(* Let $\mathcal{H}=(Q_0,Q_1,\beta)$ be a directed tensor-labeled hypergraph over $\mathbb{R}$. Then the edge Gram operator $L_\beta=\partial_\beta^*\partial_\beta$ on $\mathbb{R}^{Q_1}$ satisfies $$\mathrm{rank}(L_\beta)=|Q_1|-\dim_{\mathbb{R}}\mathcal{Z}(\mathcal{H})=|V_{\mathrm{macro}}|-c_{\mathrm{macro}}-\delta(\mathcal{H}),$$ and this number equals the sum of the multiplicities of the nonzero eigenvalues of $L_\beta$.
   Context: $T(\mathbb{R}^{Q_0})=\bigoplus_{k\ge0}(\mathbb{R}^{Q_0})^{\otimes k}$, equipped with the inner product making the standard basis ($1$ and all $u_1\otimes\cdots\otimes u_k$, $u_i\in Q_0$, identifying $v$ with $\mathbf{1}_v$) orthonormal; $\mathbb{R}^{Q_1}$ has the standard inner product. A directed tensor-labeled hypergraph is $\mathcal{H}=(Q_0,Q_1,\beta)$ ($Q_0,Q_1$ finite) with $\beta:\mathbb{R}^{Q_1}\to T\times T$ linear, $\beta(\mathbf{1}_e)=(A_e,B_e)$. $\partial_\beta:\mathbb{R}^{Q_1}\to T(\mathbb{R}^{Q_0})$, $\mathbf{1}_e\mapsto B_e-A_e$; $\partial_\beta^*$ its adjoint; $\mathcal{Z}(\mathcal{H})=\mathrm{Ker}\,\partial_\beta$. $V_{\mathrm{macro}}=\{A_e\}\cup\{B_e\}$; the macrograph is the directed multigraph on $V_{\mathrm{macro}}$ with edges $Q_1$, $e:A_e\to B_e$; $c_{\mathrm{macro}}$ its number of weakly connected components; $B_{\mathrm{macro}}:\mathbf{1}_e\mapsto\mathbf{1}_{B_e}-\mathbf{1}_{A_e}$; $\hat\phi:\mathbb{R}^{V_{\mathrm{macro}}}\to T(\mathbb{R}^{Q_0})$, $\mathbf{1}_w\mapsto w$; $\delta(\mathcal{H})=\dim_{\mathbb{R}}(\mathrm{Im}B_{\mathrm{macro}}\cap\mathrm{Ker}\hat\phi)$. *)

From HB Require Import structures.
From mathcomp Require Import all_boot all_order all_algebra.
From mathcomp Require Import finmap.
From mathcomp Require Import reals.
Set Implicit Arguments. Unset Strict Implicit. Unset Printing Implicit Defensive.
Import Order.TTheory GRing.Theory Num.Theory.
Local Open Scope ring_scope.
Local Open Scope fset_scope.

Section Hypergraph.
Variables (R : realType) (Q0 Q1 : finType).

(* The tensor algebra T(R^{Q0}) = (+)_k (R^{Q0})^{(x)k}: an element is a finitely
   supported family of real coefficients indexed by words over Q0; the word
   [:: u1; ..; uk] stands for the basis tensor u1 (x) ... (x) uk (the empty word
   for 1).  The inner product makes these basis tensors orthonormal. *)
Definition tensor := {fsfun seq Q0 -> R with 0}.

(* beta : R^{Q1} -> T x T is linear, hence determined by beta(1_e) = (A_e, B_e). *)
Variable beta : Q1 -> tensor * tensor.
Definition Aof (e : Q1) : tensor := (beta e).1.
Definition Bof (e : Q1) : tensor := (beta e).2.

(* a finite set of words containing the supports of all A_e, B_e; the image of
   every linear map below lies in the span of these basis words *)
Definition words : {fset seq Q0} :=
  \big[@fsetU _/fset0]_(e : Q1) (finsupp (Aof e) `|` finsupp (Bof e)).

Definition mx_of (I J : finType) (f : I -> J -> R) : 'M[R]_(#|I|, #|J|) :=
  \matrix_(i, j) f (enum_val i) (enum_val j).

(* matrix of the boundary map d_beta : 1_e |-> B_e - A_e (row convention:
   x |-> x *m dmx), coordinates in the orthonormal basis of words *)
Definition dmx : 'M[R]_(#|Q1|, #|{: words}|) :=
  mx_of (fun (e : Q1) (w : words) => Bof e (val w) - Aof e (val w)).

Definition Lbeta : 'M[R]_#|Q1| := dmx *m dmx^T.

Definition dimZ : nat := \rank (kermx dmx).

Definition Vmacro : {fset tensor} :=
  [fset Aof e | e : Q1] `|` [fset Bof e | e : Q1].

Definition macro_adj : rel Vmacro := fun x y =>
  [exists e : Q1, ((Aof e == val x) && (Bof e == val y))
                  || ((Bof e == val x) && (Aof e == val y))].

Definition c_macro : nat := n_comp macro_adj predT.

Definition ind (v : tensor) (x : Vmacro) : R := (val x == v)%:R.

Definition Bmacro : 'M[R]_(#|Q1|, #|{: Vmacro}|) :=
  mx_of (fun (e : Q1) (x : Vmacro) => ind (Bof e) x - ind (Aof e) x).

Definition phihat : 'M[R]_(#|{: Vmacro}|, #|{: words}|) :=
  mx_of (fun (x : Vmacro) (w : words) => (val x : tensor) (val w)).

Definition delta : nat := \rank (Bmacro :&: kermx phihat)%MS.

End Hypergraph.

From HB Require Import structures.
From mathcomp Require Import all_boot all_order all_algebra.
From mathcomp Require Import finmap reals complex zify.
Set Implicit Arguments. Unset Strict Implicit. Unset Printing Implicit Defensive.
Import GRing.Theory Num.Theory.
Local Open Scope ring_scope.

(* The Gram operator L = D D^T of the boundary matrix D has the rank of D,
   since over an ordered field K D D^T = 0 forces K D = 0; and
   rank D = |Q1| - dim Ker D.  The boundary factors through the macrograph,
   D = B_macro phihat, so rank D = rank B_macro - dim (Im B_macro :&: Ker phihat).
   An incidence matrix has rank |V| - c: its left kernel consists of the
   functions that agree at both ends of every edge, i.e. that are constant on
   weak components, and the component indicators form a basis of it.  Finally
   L is real symmetric, hence unitarily diagonalizable over C with a real
   spectrum, so rank L counts its nonzero eigenvalues with algebraic
   multiplicity. *)

Lemma mul_mx_trmx_eq0 (R : realFieldType) m n (M : 'M[R]_(m, n)) :
  (M *m M^T == 0) = (M == 0).
Proof.
apply/eqP/eqP => [MMt0|->]; last by rewrite mul0mx.
apply/matrixP => i j; rewrite mxE.
have /matrixP /(_ i i) := MMt0; rewrite !mxE => /eqP.
rewrite psumr_eq0 => [/allP /(_ j (mem_index_enum _))|l _]; rewrite mxE -expr2.
  by rewrite sqrf_eq0 => /eqP.
exact: sqr_ge0.
Qed.

Lemma mxrank_mul_trmx (R : realFieldType) m n (M : 'M[R]_(m, n)) :
  \rank (M *m M^T) = \rank M.
Proof.
apply/eqP; rewrite eqn_leq mxrankM_maxl /=.
set K := kermx (M *m M^T).
have KM0 : K *m M = 0.
  apply/eqP; rewrite -mul_mx_trmx_eq0 trmx_mul mulmxA -(mulmxA K).
  by rewrite mulmx_ker mul0mx.
have := mxrankS (introT sub_kermxP KM0); rewrite !mxrank_ker.
have := rank_leq_row M; have := rank_leq_row (M *m M^T); lia.
Qed.

Lemma sum_enum_val_indicator (R : pzSemiRingType) (T : finType) (v : T)
    (g : T -> R) :
  \sum_(k < #|T|) (enum_val k == v)%:R * g (enum_val k) = g v.
Proof.
rewrite -(big_enum_val (fun x => (x == v)%:R * g x)) (bigD1 v) //=.
by rewrite eqxx mul1r big1 ?addr0 // => x /negPf->; rewrite mul0r.
Qed.

Section Incidence.
Variables (F : fieldType) (V E : finType) (tail head : E -> V).

Definition weak_adj : rel V := fun x y =>
  [exists e, ((tail e == x) && (head e == y)) || ((head e == x) && (tail e == y))].

Definition incidence_mx : 'M[F]_(#|E|, #|V|) :=
  \matrix_(i, j) ((enum_val j == head (enum_val i))%:R
                  - (enum_val j == tail (enum_val i))%:R).

Local Notation root_of := (fingraph.root weak_adj).
Definition component : finType := {x : V | roots weak_adj x}.

Lemma weak_adj_connect_sym : connect_sym weak_adj.
Proof.
apply: sym_connect_sym => x y; apply: eq_existsb => e.
by rewrite orbC; congr (_ || _); apply: andbC.
Qed.

Lemma root_tail_head e : root_of (tail e) = root_of (head e).
Proof.
apply/(fingraph.rootP weak_adj_connect_sym)/connect1.
by apply/existsP; exists e; rewrite !eqxx.
Qed.

Lemma incidence_mul_trmx (y : 'rV[F]_#|V|) e :
  (y *m incidence_mx^T) 0 (enum_rank e)
    = y 0 (enum_rank (head e)) - y 0 (enum_rank (tail e)).
Proof.
pose g x := y 0 (enum_rank x).
rewrite -[y 0 (enum_rank (head e))](sum_enum_val_indicator _ g).
rewrite -[y 0 (enum_rank (tail e))](sum_enum_val_indicator _ g).
rewrite -sumrB mxE; apply: eq_bigr => k _.
by rewrite !mxE enum_rankK mulrC mulrBl /g enum_valK.
Qed.

Lemma ker_incidence_root (y : 'rV[F]_#|V|) x : y *m incidence_mx^T = 0 ->
  y 0 (enum_rank (root_of x)) = y 0 (enum_rank x).
Proof.
move=> y0; pose g z := y 0 (enum_rank z).
have closed_level : closed weak_adj [pred z | g z == g x].
  move=> z w /existsP[e He].
  have /eqP := incidence_mul_trmx y e; rewrite y0 mxE eq_sym subr_eq0 => /eqP ge.
  by case/orP: He => /andP[/eqP <- /eqP <-]; rewrite !inE /g ge.
have := closed_connect closed_level (connect_root _ x).
by rewrite !inE eqxx => /esym/eqP.
Qed.

Definition component_mx : 'M[F]_(#|component|, #|V|) :=
  \matrix_(r, j) (root_of (enum_val j) == val (enum_val r))%:R.

Lemma component_mx_free : row_free component_mx.
Proof.
apply/row_freeP.
exists (\matrix_(j, s) (enum_val j == val (enum_val s))%:R).
apply/matrixP => r s; rewrite !mxE.
pose g x : F := (root_of x == val (enum_val r))%:R.
transitivity
  (\sum_(k < #|V|) (enum_val k == val (enum_val s))%:R * g (enum_val k)).
  by apply: eq_bigr => k _; rewrite !mxE mulrC.
rewrite sum_enum_val_indicator /g (eqP (valP (enum_val s))).
by rewrite val_eqE (inj_eq enum_val_inj) eq_sym.
Qed.

Lemma component_mx_sub_ker : (component_mx <= kermx incidence_mx^T)%MS.
Proof.
apply/sub_kermxP/matrixP => r i; rewrite [RHS]mxE.
have := incidence_mul_trmx (row r component_mx) (enum_val i).
rewrite -row_mul mxE enum_valK => ->.
by rewrite !mxE !enum_rankK root_tail_head subrr.
Qed.

Lemma ker_sub_component_mx : (kermx incidence_mx^T <= component_mx)%MS.
Proof.
apply/row_subP => i; set y := row i _.
have y0 : y *m incidence_mx^T = 0 by rewrite -row_mul mulmx_ker row0.
pose g (x : V) := y 0 (enum_rank x).
apply/submxP; exists (\row_r g (val (enum_val r))); apply/rowP => j.
have root_j := roots_root weak_adj_connect_sym (enum_val j).
pose c : component := exist (roots weak_adj) _ root_j.
rewrite -{1}(enum_valK j) -(ker_incidence_root _ y0).
transitivity
  (\sum_(k < #|component|) (enum_val k == c)%:R * g (val (enum_val k))).
  by rewrite (sum_enum_val_indicator c (fun x : component => g (val x))).
rewrite mxE; apply: eq_bigr => k _.
by rewrite !mxE mulrC -val_eqE eq_sym.
Qed.

Lemma mxrank_incidence :
  (\rank incidence_mx + n_comp weak_adj predT)%N = #|V|.
Proof.
have card_component : #|component| = n_comp weak_adj predT.
  by rewrite card_sig; apply: eq_card => x; rewrite !inE andbT.
have : \rank component_mx = \rank (kermx incidence_mx^T).
  by apply/eqmx_rank; rewrite component_mx_sub_ker ker_sub_component_mx.
rewrite (eqP component_mx_free) mxrank_ker mxrank_tr card_component.
have := rank_leq_col incidence_mx; lia.
Qed.

End Incidence.

Lemma char_poly_similar (F : fieldType) n (P A : 'M[F]_n) :
  P \in unitmx -> char_poly (invmx P *m A *m P) = char_poly A.
Proof.
move=> Pu; rewrite /char_poly /char_poly_mx.
set Q := map_mx polyC P; set Qi := map_mx polyC (invmx P).
have QiQ : Qi *m Q = 1%:M by rewrite -map_mxM mulVmx // map_mx1.
have -> : 'X%:M - map_mx polyC (invmx P *m A *m P)
          = Qi *m ('X%:M - map_mx polyC A) *m Q.
  rewrite !map_mxM -/Q -/Qi mulmxBr mulmxBl; congr (_ - _).
  by rewrite scalar_mxC -mulmxA QiQ mulmx1.
rewrite (det_mulmx (Qi *m _) Q) (det_mulmx Qi) mulrC mulrA -det_mulmx.
by rewrite (mulmx1C QiQ) det1 mul1r.
Qed.

Lemma mxrank_diag_mx (F : fieldType) n (d : 'rV[F]_n) :
  \rank (diag_mx d) = count (fun i => d 0 i != 0) (enum 'I_n).
Proof.
elim: n d => [|n IHn] d; first by rewrite thinmx0 mxrank0 enum_ord0.
rewrite enum_ordSl /= count_map.
set dr := \row_j d 0 (lift 0 j).
transitivity (\rank (diag_mx (row_mx (const_mx (d 0 0)) dr : 'rV_(1 + n)))).
  congr (\rank (diag_mx _)); apply/rowP => j; rewrite mxE; case: splitP => k /= jk.
    have -> : j = 0 by apply: val_inj; rewrite /= jk (ord1 k).
    by rewrite mxE.
  have -> : j = lift 0 k by apply: val_inj; rewrite /= jk.
  by rewrite mxE.
rewrite diag_mx_row rank_diag_block_mx IHn diag_const_mx rank_rV.
congr (_ + _)%N; last by apply: eq_count => i; rewrite mxE.
congr negb; apply/eqP/eqP => [/matrixP/(_ 0 0)|->].
  by rewrite !mxE eqxx mulr1n.
by apply/matrixP => i j; rewrite !mxE mul0rn.
Qed.

Lemma realsym_char_poly_split (R : rcfType) n (L : 'M[R]_n) : L^T = L ->
  exists2 es : seq R, char_poly L = \prod_(x <- es) ('X - x%:P)
                    & count (predC1 0) es = \rank L.
Proof.
move=> symL; pose Lc := map_mx (real_complex R) L.
have herm : Lc \is hermsymmx.
  apply: realsym_hermsym; last by apply/mxOverP => i j; rewrite mxE complex_real.
  by apply/is_hermitianmxP; rewrite expr0 scale1r map_mx_id // map_trmx symL.
have /orthomx_spectralP Lc_diag := hermitian_normalmx herm.
have /mxOverP d_real := hermitian_spectral_diag_real herm.
set d := spectral_diag Lc in Lc_diag d_real.
have dRe i : real_complex R (complex.Re (d 0 i)) = d 0 i by apply: RRe_real.
exists [seq complex.Re (d 0 i) | i <- enum 'I_n].
  apply: (@map_poly_inj _ _ (real_complex R)).
  rewrite map_char_poly -/Lc Lc_diag char_poly_similar ?spectral_unit //.
  rewrite char_poly_trig ?diag_mx_is_trig // rmorph_prod big_map big_enum /=.
  by apply: eq_bigr => i _; rewrite map_polyXsubC mxE eqxx mulr1n -{1}dRe.
have <- : \rank Lc = \rank L by apply: mxrank_map.
rewrite Lc_diag mxrankMfree ?row_free_unit ?spectral_unit //.
rewrite eqmxMfull ?row_full_unit ?unitmx_inv ?spectral_unit //.
rewrite mxrank_diag_mx count_map.
by apply: eq_count => i /=; rewrite -[d 0 i]dRe fmorph_eq0.
Qed.

Lemma nonzero_eigenvalues_mup (F : fieldType) n (A : 'M[F]_n) (es : seq F) :
  char_poly A = \prod_(x <- es) ('X - x%:P) ->
  exists s : seq F,
    [/\ uniq s, (forall a, a \in s <-> (a != 0 /\ eigenvalue A a))
      & (\sum_(a <- s) mup a (char_poly A))%N = count (predC1 0) es].
Proof.
move=> charA; exists [seq a <- undup es | a != 0]; split.
- by rewrite filter_uniq ?undup_uniq.
- move=> a; rewrite mem_filter mem_undup eigenvalue_root_char charA root_prod_XsubC.
  by split => [/andP[]|[]] -> ->.
rewrite big_filter -sum1_count -[RHS]big_undup_iterop_count; apply: eq_bigr => a _.
by rewrite charA mu_prod_XsubC Monoid.iteropE iter_addn_0 mul1n.
Qed.

Section Macrograph.
Local Open Scope fset_scope.
Variables (R : realType) (Q0 Q1 : finType) (beta : Q1 -> tensor R Q0 * tensor R Q0).

Lemma Aof_Vmacro e : Aof beta e \in Vmacro beta.
Proof. by rewrite in_fsetU; apply/orP; left; apply/imfsetP; exists e. Qed.

Lemma Bof_Vmacro e : Bof beta e \in Vmacro beta.
Proof. by rewrite in_fsetU; apply/orP; right; apply/imfsetP; exists e. Qed.

Definition macro_tail e : Vmacro beta := [` Aof_Vmacro e].
Definition macro_head e : Vmacro beta := [` Bof_Vmacro e].

Lemma Bmacro_incidence : Bmacro beta = incidence_mx R macro_tail macro_head.
Proof. by apply/matrixP => i j; rewrite !mxE /ind -!val_eqE. Qed.

Lemma c_macro_weak_adj :
  c_macro beta = n_comp (weak_adj macro_tail macro_head) predT.
Proof.
apply/eq_n_comp/eq_connect => x y; apply: eq_existsb => e.
by rewrite -!val_eqE.
Qed.

Lemma mxrank_Bmacro :
  (\rank (Bmacro beta) + c_macro beta)%N = #|{: Vmacro beta}|.
Proof. by rewrite Bmacro_incidence c_macro_weak_adj mxrank_incidence. Qed.

Lemma dmx_factor : dmx beta = Bmacro beta *m phihat beta.
Proof.
apply/matrixP => i j; rewrite !mxE.
pose g (x : Vmacro beta) : R := val x (val (enum_val j)).
rewrite -[Bof _ _ _](sum_enum_val_indicator (macro_head (enum_val i)) g).
rewrite -[Aof _ _ _](sum_enum_val_indicator (macro_tail (enum_val i)) g).
rewrite -sumrB; apply: eq_bigr => k _.
by rewrite !mxE /ind -!val_eqE mulrBl.
Qed.

Lemma mxrank_dmx_add_delta :
  (\rank (dmx beta) + delta beta)%N = \rank (Bmacro beta).
Proof. by rewrite dmx_factor; apply: mxrank_mul_ker. Qed.

End Macrograph.

Theorem theorem6p5 (R : realType) (Q0 Q1 : finType)
    (beta : Q1 -> tensor R Q0 * tensor R Q0) :
  [/\ (\rank (Lbeta beta))%:Z = (#|Q1|%:Z - (dimZ beta)%:Z),
      (\rank (Lbeta beta))%:Z =
        (#|{: Vmacro beta}|%:Z - (c_macro beta)%:Z - (delta beta)%:Z)
    & exists s : seq R,
        [/\ uniq s,
            (forall a : R, a \in s <-> (a != 0 /\ eigenvalue (Lbeta beta) a))
          & (\sum_(a <- s) mup a (char_poly (Lbeta beta)))%N = \rank (Lbeta beta)]].
Proof.
have rank_L : \rank (Lbeta beta) = \rank (dmx beta) by apply: mxrank_mul_trmx.
have dim_Z : dimZ beta = (#|Q1| - \rank (dmx beta))%N by apply: mxrank_ker.
have rank_d := rank_leq_row (dmx beta).
have rank_B := mxrank_dmx_add_delta beta.
have rank_macro := mxrank_Bmacro beta.
split; [lia | lia |].
have symL : (Lbeta beta)^T = Lbeta beta by rewrite trmx_mul trmxK.
have [es charL count_es] := realsym_char_poly_split symL.
by rewrite -count_es; apply: nonzero_eigenvalues_mup.
Qed.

Problem requirements: All lines in the listing above from the line containing "by apply: eq_bigr => i" to the line containing "rewrite mxrank_diag_mx count_map.", inclusive, should be retyped exactly; no other lines should appear.

Your solution:
  by apply: eq_bigr => i _; rewrite map_polyXsubC mxE eqxx mulr1n -{1}dRe.
have <- : \rank Lc = \rank L by apply: mxrank_map.
rewrite Lc_diag mxrankMfree ?row_free_unit ?spectral_unit //.
rewrite eqmxMfull ?row_full_unit ?unitmx_inv ?spectral_unit //.
rewrite mxrank_diag_mx count_map.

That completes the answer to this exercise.